The major Community instrument for protecting animal health consists of adapted and constantly updated legislation that applies the principles of the Community policy and its international obligations. With a view to improving this legislation and making it more effective, the EU hopes to put in place a clear, single regulatory framework consistent with OIE guidelines and the Codex Alimentarius.

Appropriate sharing of costs, benefits and responsibilities could contribute to the strategy’s success and help limit the financial risks for Member States and the Community by providing incentives for preventing animal-related threats.

The Member States are responsible for securing the EU’s external borders against disease incursions and leading the response to outbreaks of exotic diseases. Moreover, compensation for private property destroyed for the public good must be provided by governments. Responsibility for the health of animals lies primarily with animal owners and collectively with the industry. In order for the strategy to be successful, all parties, including the insurance sector, need to be fully committed participants.

The Codex Alimentarius and the OIE are essential references for legislation on animal diseases. The EU follows their guidelines and encourages other international members to base their legislation on the same values. In addition, the EU is considering the possibility of Community membership of the OIE.

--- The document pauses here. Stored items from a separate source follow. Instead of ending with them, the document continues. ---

(* The functor $\alpha\colon\mathrm{EMD}\to\mathrm{Ab}$, $(A,B,\phi,\psi)\mapsto A$, is full and essentially surjective, and reflects isomorphisms. For any $M,M'\in\mathrm{EMD}$ there is a natural short exact sequence \[ 0\to\mathrm{Hom}(\alpha(M)[2],\alpha(M')/2)\to\mathrm{EMD}(M,M')\xrightarrow{\alpha}\mathrm{Hom}(\alpha(M),\alpha(M'))\to0. \]
   Context: For an abelian group $U$, $U[2]=\{u:2u=0\}$ and $U/2=U/2U$. A Moore diagram is $(A,B,\phi,\psi)$ with abelian groups $A,B$, $\phi\colon A\to B$, $\psi\colon B\to A$, $\psi\phi=0$, $\phi\psi=2\cdot1_B$; morphisms are pairs $(f\colon A\to A',g\colon B\to B')$ with $g\phi=\phi'f$, $f\psi=\psi'g$. It is exact if the induced sequence $A/2\xrightarrow{\phi}B\xrightarrow{\psi}A[2]$ is short exact; $\mathrm{EMD}$ is the category of exact Moore diagrams, and $\alpha$ sends $(f,g)$ to $f$. *)

From HB Require Import structures.
From mathcomp Require Import all_boot all_algebra.
From mathcomp Require Import boolp.
From mathcomp Require Import generic_quotient ring_quotient.

Set Implicit Arguments.
Unset Strict Implicit.
Unset Printing Implicit Defensive.
Import GRing.Theory.
Local Open Scope ring_scope.
Local Open Scope quotient_scope.
Import Quotient.

Section Tors2.
Variable U : zmodType.

Definition tors2_pred : {pred U} := fun x => x *+ 2 == 0.

Fact tors2_closed : zmod_closed tors2_pred.
Proof.
split; first by rewrite /tors2_pred unfold_in /= mul0rn.
move=> x y; rewrite !unfold_in /tors2_pred /= mulrnBl => /eqP -> /eqP ->.
by rewrite subr0.
Qed.

HB.instance Definition _ := GRing.isZmodClosed.Build U tors2_pred tors2_closed.

Definition tors2 := {x : U | x \in tors2_pred}.
HB.instance Definition _ := [isSub of tors2 for @sval U (fun x => x \in tors2_pred)].
HB.instance Definition _ := [Choice of tors2 by <:].
HB.instance Definition _ := [SubChoice_isSubZmodule of tors2 by <:].

Definition twice_pred : {pred U} := fun x => `[< exists y, x = y *+ 2 >].

Fact twice_closed : zmod_closed twice_pred.
Proof.
split; first by rewrite unfold_in /twice_pred; apply/asboolP; exists 0; rewrite mul0rn.
move=> x y; rewrite !unfold_in /twice_pred => /asboolP [a ->] /asboolP [b ->].
by apply/asboolP; exists (a - b); rewrite mulrnBl.
Qed.

HB.instance Definition _ := GRing.isZmodClosed.Build U twice_pred twice_closed.

Definition mod2 := {quot (GRing.ZmodClosed.clone U twice_pred _)}.
Lemma iter_rel_dom n u v : X v -> iter_rel F n u v -> X u.
Proof. by case: n => [|n] Xv /= => [-> | [w [/F_dom []]]]. Qed.

Lemma iter_lift_pred n u z : X u -> iter_rel F' n z (e u) ->
  exists v, z = e v /\ iter_rel F n v u.
Proof.
elim: n u z => [|n IH] u z Xu /=; first by move=> ->; exists u.
move=> [y [Fzy H]]; have [v [Ev Hv]] := IH u y Xu H; subst y.
have [w [-> Fwv]] := F'_pred (iter_rel_dom Xu Hv) Fzy.
by exists w; split => //; exists v.
Qed.

Lemma zorbit_lift x : X x -> zorbit F' (e x) = e @` zorbit F x.
Proof.
move=> Xx; apply/seteqP; split => z.
  move=> [m [H|H]].
    by have [v [-> Hv]] := iter_lift_succ Xx H; exists v => //; exists m; left.
  by have [v [-> Hv]] := iter_lift_pred Xx H; exists v => //; exists m; right.
move=> [v [n [H|H]] <-]; exists n; first by left; exact: iter_lift.
by right; apply: iter_lift (iter_rel_dom Xx H) H.
Qed.

End LiftOrbit.

(** * The completion *)

Lemma map_Some_pmap (X : Type) (l : seq (option X)) :
  all isSome l -> l = map Some (pmap id l).
Proof. by elim: l => //= -[x|] l IH //= /IH <-. Qed.

Lemma mem_split_first (X : eqType) (x : X) l : x \in l ->
  exists l1 l2, l = l1 ++ x :: l2 /\ x \notin l1.
Proof.
elim: l => //= a l IH; rewrite inE; have [<- _|xa /= /IH] := eqVneq x a.
  by exists [::], l.
by move=> [l1 [l2 [-> x_l1]]]; exists (a :: l1), l2; rewrite inE negb_or xa.
Qed.

Lemma cycle_unbounded (X : Type) (e : rel X) x c n :
  cycle e (x :: c) -> exists2 l, sorted e l & n <= size l.
Proof.
move=> cyc; have {}cyc : path e (last x c) (x :: c) by rewrite (cycle_path x) in cyc.
have flattenS m : flatten (nseq m.+1 (x :: c)) = (x :: c) ++ flatten (nseq m (x :: c)).
  by [].
exists (flatten (nseq n (x :: c))).
  apply: (@path_sorted _ _ (last x c)); elim: n => // n IH.
  by rewrite flattenS cat_path cyc IH.
elim: n => // n IH; rewrite flattenS size_cat /= addSn ltnS.
exact: leq_trans IH (leq_addl _ _).
Qed.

Improved animal health will increase the competitiveness of European companies. Moreover, by harmonising these rules, it will be possible to ensure fair competition in the Community market and extend this common basis to imports. With regard to exports, better prioritisation of actions against health barriers should help ensure better access to export markets.

The third pillar: animal-related threat prevention, surveillance and crisis preparedness

The promotion and financing of on-farm biosecurity * measures should constitute important reference criteria for zoning and compartmentalisation procedures.

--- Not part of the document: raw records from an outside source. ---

Lemma poly_shift_eq_cases p (s A B : F) :
  (forall l x, (x + s + A * l) * p.[x + l] = (x + s + B * l) * p.[x]) ->
  (exists a, p = a%:P /\ (a != 0 -> A = B)) \/
  [/\ A = 0, B = 1 & exists a, p = a%:P * ('X + s%:P)].
Proof.
move=> shift.
have at_s l : A * l * p.[- s + l] = B * l * p.[- s].
  by have := shift l (- s); rewrite addNr !add0r.
have [A0|nzA] := eqVneq A 0; last first.
  have pC : p = (B / A * p.[- s])%:P.
    apply: (@polyC_except _ (- s)) => x x_s.
    have nz : x + s != 0 by rewrite -(subr_eq0 x (- s)) opprK in x_s.
    have := at_s (x + s); rewrite [- s + _]addrC addrK => e.
    apply: (mulfI (mulf_neq0 nzA nz)); rewrite mulrA e; field.
    by rewrite nzA.
  left; exists (B / A * p.[- s]); split => // nz.
  by have := at_s 1; rewrite pC !hornerC !mulr1 => /(mulIf nz).
pose a := p.[1 - s].
have pE : p = a%:P * ((1 - B)%:P + B%:P * ('X + s%:P)).
  apply: poly_horner_inj => x; have := shift (x + s - 1) (1 - s).
  have -> : 1 - s + (x + s - 1) = x by ring.
  rewrite A0 mul0r addr0 subrK mul1r => ->.
  by rewrite !hornerE /a; ring.
have B01 : a != 0 -> B = 0 \/ B = 1.
  move=> nz; have := at_s 1; rewrite A0 !mul0r mulr1 pE !hornerE.
  rewrite addNr mulr0 addr0 => /esym /eqP; rewrite !mulf_eq0 (negbTE nz) /= subr_eq0.
  by rewrite orbF => /orP [/eqP | /eqP/esym]; [left | right].
have [a0|nz] := eqVneq a 0.
  by left; exists 0; rewrite eqxx; split => //; rewrite pE a0 !mul0r.
case: (B01 nz) => [B0|B1].
  left; exists a; split => [|_]; last by rewrite A0 B0.
  by rewrite pE B0 subr0 mul0r addr0 mulr1.
by right; split => //; exists a; rewrite pE B1 subrr add0r mul1r.
Qed.

End Polynomials.

Section TriangularActions.
Variable R : realType.
Local Notation C := R[i].
Local Notation coef := (gen -> C -> C -> C).

Definition bracket_coef (F : coef) (a e : gen) (l m d : C) : C :=
  lbr a e gL (- (l + m)) l * F gL (l + m) d + lbr a e gM (- (l + m)) l * F gM (l + m) d +
  (lbr a e gY (- (l + m)) l * F gY (l + m) d + lbr a e gN (- (l + m)) l * F gN (l + m) d).

Definition module_defect (F : coef) (a e : gen) (l m d : C) : C :=
  F e m (d + l) * F a l d - F a l (d + m) * F e m d - bracket_coef F a e l m d.

Definition cocycle_defect (F1 F2 F3 : coef) (a e : gen) (l m d : C) : C :=
  F2 e m (d + l) * F1 a l d + F3 e m (d + l) * F2 a l d
  - (F2 a l (d + m) * F1 e m d + F3 a l (d + m) * F2 e m d) - bracket_coef F2 a e l m d.

Lemma E_horner_inj (u w : E R) :
  (forall d, u.1.[d] = w.1.[d]) -> (forall d, u.2.[d] = w.2.[d]) -> u = w.
Proof. by case: u w => [u1 u2] [w1 w2] /= /poly_horner_inj-> /poly_horner_inj->. Qed.

Definition commutator_act (A : action R) (a e : gen) (l m : C) (u : E R) : E R :=
  addE (A a l (A e m u)) (oppE (A e m (A a l u))).
Lemma verdict_steps (A : Type) v s (r : mon A) :
  steps (@mstep A) (MVerd v) s r -> r = MVerd v.
Proof.
move eq_x: (MVerd v) => x H.
elim: H eq_x => [// | x1 y s1 z H _ IH | x1 y a s1 z H _ IH] eq_x.
- by rewrite -eq_x in H; inversion H.
- by rewrite -eq_x in H; inversion H; subst; apply: IH.
Qed.

Lemma steps_mreach (A : Type) (m : mon A) s n : steps (@mstep A) m s n -> mreach m n.
Proof.
elim=> [x | x y s1 z H _ IH | x y a s1 z H _ IH]; first exact: rt_refl.
- exact: rt_trans (rt_step _ _ _ _ (ex_intro _ None H)) IH.
- exact: rt_trans (rt_step _ _ _ _ (ex_intro _ (Some a) H)) IH.
Qed.

(* The instrumented system can only add a transition of the monitor to end, from
   which no other verdict is ever reached. *)
Lemma istep_steps_monitor (A P : Type) (pstep : P -> option A -> P -> Prop) x s y :
  steps (istep pstep) x s y -> y.1 = MVerd Vend \/ steps (@mstep A) x.1 s y.1.
Proof.
elim=> [x1 | x1 y1 s1 z H _ IH | x1 y1 a s1 z H _ IH]; first by right; constructor.
- inversion H; subst => //=; case: IH => [|IH]; [by left | right].
  exact: steps_tau IH.
- inversion H; subst => /=; case: IH => [|IH]; [by left | right | by left | left].
  + exact: steps_act IH.
  + exact: verdict_steps IH.
Qed.

Lemma reaches_finP (A : Type) (m : mon A) s v :
  v <> Vend -> reaches_fin m s v <-> steps (@mstep A) m s (MVerd v).
Proof.
move=> v_not_end; split.
- move=> [P [pstep [p [p' /wtraceP /istep_steps_monitor /= [[]|//]]]]].
  by move/v_not_end.
- pose chaos : unit -> option A -> unit -> Prop := fun _ _ _ => True.
  have lift_run x s' y : steps (@mstep A) x s' y -> steps (istep chaos) (x, tt) s' (y, tt).
    elim=> [x1 | x1 y1 s1 z H _ IH | x1 y1 a s1 z H _ IH]; first exact: steps_nil.
    + by apply: steps_tau IH; apply: IS_mtau.
    + exact: steps_act (IS_mon (m := x1) (p := tt) (p' := tt) I H) IH.
  by move=> Hm; exists unit, chaos, tt, tt; apply/wtraceP/lift_run.
Qed.

Arguments reaches_finP {A m s v}.

Lemma reactive_steps (A : Type) (m n : mon A) s :
  reactive m -> steps (@mstep A) m s n -> reactive n.
Proof.
by move=> Hm /steps_mreach Hmn n' Hnn'; apply: Hm; apply: rt_trans Hmn Hnn'.
Qed.

Lemma reactive_run (A : Type) (s : seq A) (m : mon A) :
  reactive m -> exists m', steps (@mstep A) m s m'.
Proof.
elim: s m => [|a s IH] m Hm; first by exists m; constructor.
have [m1 /wtraceP Hm1] := Hm m (rt_refl _ _ _) a.
have [m' Hm'] := IH _ (reactive_steps Hm Hm1).
by exists m'; rewrite -cat1s; apply: steps_cat Hm1 Hm'.
Qed.

Lemma prefix_catl (A : Type) (t : nat -> A) n s1 s2 :
  s1 ++ s2 = Defs.prefix t n -> s1 = Defs.prefix t (size s1).
Proof.
by rewrite /Defs.prefix; elim: s1 n 0 => [//| a s1 IH] [//| n] i /= [-> /IH {1}->].
Qed.

Lemma prefix_leq (A : Type) (t : nat -> A) n1 n2 :
  n1 <= n2 -> exists r, Defs.prefix t n2 = Defs.prefix t n1 ++ r.
Proof. by move=> le_n12; rewrite /Defs.prefix -(subnKC le_n12) iotaD map_cat; eexists. Qed.

Definition reaches_before (A : Type) (m : mon A) (s : seq A) (v : verdict) :=
  exists s1 s2, s = s1 ++ s2 /\ steps (@mstep A) m s1 (MVerd v).
Lemma dotD a b g : dot (a + b) g = dot a g + dot b g.
Proof. by rewrite /dot -big_split; apply: eq_bigr => v _; rewrite ffunE intrD mulrDl. Qed.

Lemma dotMn a k g : dot (a *+ k) g = dot a g *+ k.
Proof.
by rewrite /dot -sumrMnl; apply: eq_bigr => v _; rewrite ffunMnE raddfMn mulrnAl.
Qed.

Definition shift g x u : V -> R := fun v => g v + (v == x)%:R * u.

Lemma dot_shift b g x u : dot b (shift g x u) = dot b g + (b x)%:~R * u.
Proof.
rewrite /dot /shift (eq_bigr (fun v => (b v)%:~R * g v + (b v)%:~R * (v == x)%:R * u));
  last by move=> v _; rewrite mulrDr mulrA.
rewrite big_split /=; congr (_ + _).
by rewrite (bigD1 x) //= eqxx mulr1 big1 ?addr0 // => v /negPf->; rewrite mulr0 mul0r.
Qed.

Lemma exists_between (L U : seq R) : {in L & U, forall l u, l <= u} ->
  exists c, {in L, forall l, l <= c} /\ {in U, forall u, c <= u}.
Proof.
elim: L => [|l L IHL] LU.
  elim: U {LU} => [|u U [c [_ cU]]]; first by exists 0.
  exists (Num.min u c); split=> // v; rewrite inE ge_min => /predU1P[->|/cU->];
    by rewrite ?lexx ?orbT.
have [|c [Lc cU]] := IHL; first by move=> l' u l'L; apply: LU; rewrite inE l'L orbT.
exists (Num.max l c); split=> [v|u uU]; last by rewrite ge_max LU ?mem_head ?cU.
by rewrite inE le_max => /predU1P[->|/Lc->]; rewrite ?lexx ?orbT.
Qed.

Definition add_closed (K : {ffun V -> int} -> Prop) := forall a b, K a -> K b -> K (a + b).

Lemma add_closed_natmul K a k : add_closed K -> K a -> (0 < k)%N -> K (a *+ k).
Proof.
move=> Kadd Ka; case: k => // k _; elim: k => [|k IHk]; first by rewrite mulr1n.
by rewrite mulrS; apply: Kadd.
Qed.

Definition combine x p q : {ffun V -> int} := p *+ `|q x|%N + q *+ `|p x|%N.

Lemma combine_at x p q : 0 < p x -> q x < 0 -> combine x p q x = 0.
Proof.
move=> + +; rewrite ffunE (ffunMnE p) (ffunMnE q).
by move: (p x) (q x) => a c; lia.
Qed.

Definition eliminate x (B : seq {ffun V -> int}) : seq {ffun V -> int} :=
  [seq b : {ffun V -> int} <- B | b x == 0] ++
  [seq combine x p q | p <- [seq p : {ffun V -> int} <- B | 0 < p x],
                       q <- [seq q : {ffun V -> int} <- B | q x < 0]].

Lemma eliminate_at K x B : add_closed K -> (forall b, b \in B -> K b) ->
  forall b, b \in eliminate x B -> K b /\ b x = 0.
Proof.
move=> Kadd BK b; rewrite mem_cat => /orP[|/allpairsP[[p q] /=]].
  by rewrite mem_filter => /andP[/eqP bx /BK].
rewrite !mem_filter => -[/andP[px /BK Kp] /andP[qx /BK Kq] ->].
split; last exact: combine_at.
by apply: (Kadd); apply: add_closed_natmul => //; lia.
Qed.

Lemma eliminate_coordinate (B : seq {ffun V -> int}) x g :
  {in eliminate x B, forall b, 0 <= dot b g} ->
  exists u, {in B, forall b, 0 <= dot b (shift g x u)}.
Proof.
move=> elimB; pose L := [seq - dot p g / (p x)%:~R | p <- B & 0 < p x].
pose U := [seq dot q g / (- q x)%:~R | q <- B & q x < 0].
have [|u [lo_u u_up]] := @exists_between L U.
  move=> _ _ /mapP[p + ->] /mapP[q + ->]; rewrite !mem_filter.
  move=> /andP[px pB] /andP[qx qB].
  have /elimB : combine x p q \in eliminate x B.
    by rewrite mem_cat; apply/orP; right; apply/allpairsP; exists (p, q);
      rewrite !mem_filter px qx pB qB.
  rewrite dotD !dotMn -[dot p g *+ _]mulr_natr -[dot q g *+ _]mulr_natr.
  rewrite !natr_absz (gtr0_norm px) (ltr0_norm qx).
  set c := (p x)%:~R; set d := (- q x)%:~R => sum_ge0.
  have c_gt0 : 0 < c by rewrite ltr0z.
  have d_gt0 : 0 < d by rewrite ltr0z oppr_gt0.
  rewrite -subr_ge0; have -> : dot q g / d - - dot p g / c =
    (dot p g * d + dot q g * c) / (c * d).
    by field; rewrite !intr_eq0 (lt_eqF qx) (gt_eqF px).
  by rewrite divr_ge0 // ltW // mulr_gt0.
exists u => b bB; rewrite dot_shift.
have [bx|bx|bx] := ltgtP (b x) 0.
- have c_gt0 : 0 < (- b x)%:~R :> R by rewrite ltr0z oppr_gt0.
  have /u_up : dot b g / (- b x)%:~R \in U by apply: map_f; rewrite mem_filter bx.
  by rewrite ler_pdivlMr // intrN; lra.
- have c_gt0 : 0 < (b x)%:~R :> R by rewrite ltr0z.
  have /lo_u : - dot b g / (b x)%:~R \in L by apply: map_f; rewrite mem_filter bx.
  by rewrite ler_pdivrMr //; lra.
- rewrite bx mulr0z mul0r addr0; apply: elimB.
  by rewrite mem_cat mem_filter bx eqxx bB.
Qed.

Movements of food of animal origin and animal feed are identified and traced using an exchange control system and a paper-based system identifying each animal. With the aim of integrating the system at EU level, an electronic system will gradually be introduced.

Measures have been envisaged to improve border biosecurity without disrupting the cross-border movement of people and agricultural goods, which include not only improving current legislation and cooperation between the parties involved in customs checks, but also providing technical assistance to developing countries, so that they can meet Community standards.

The EU proposes supporting veterinary surveillance through improved cooperation between the parties concerned and appropriate financial resources and by encouraging training in the sector. The scientific information gathered from this surveillance activity can aid decision-making for the EU institutions, governments and other stakeholders in the animal health protection sector.

The EU must be better prepared to deal with emergencies and it can do so by adopting an integrated approach and through the more widespread use of vaccines.

The fourth pillar: science, innovation and research

The EU is encouraging scientific and technological development in the field of public and animal health. To this end, Community and national reference laboratories and European agencies (particularly the European Food Safety Authority and the European Medicines Agency) have been called upon to cooperate and play a key role in scientific work.

Innovation and research in the food safety sector depend on a whole series of instruments, such as the Seventh Framework Programme for Research and the Community Action Plan on the Protection and Welfare of Animals.

Key terms used in the act
Biosecurity: the measures taken to combat diseases or to prevent them from spreading. These measures relate to the treatment of new and sick animals, the transport of people, animals and equipment, the feeding of animals and the cleaning of their holdings.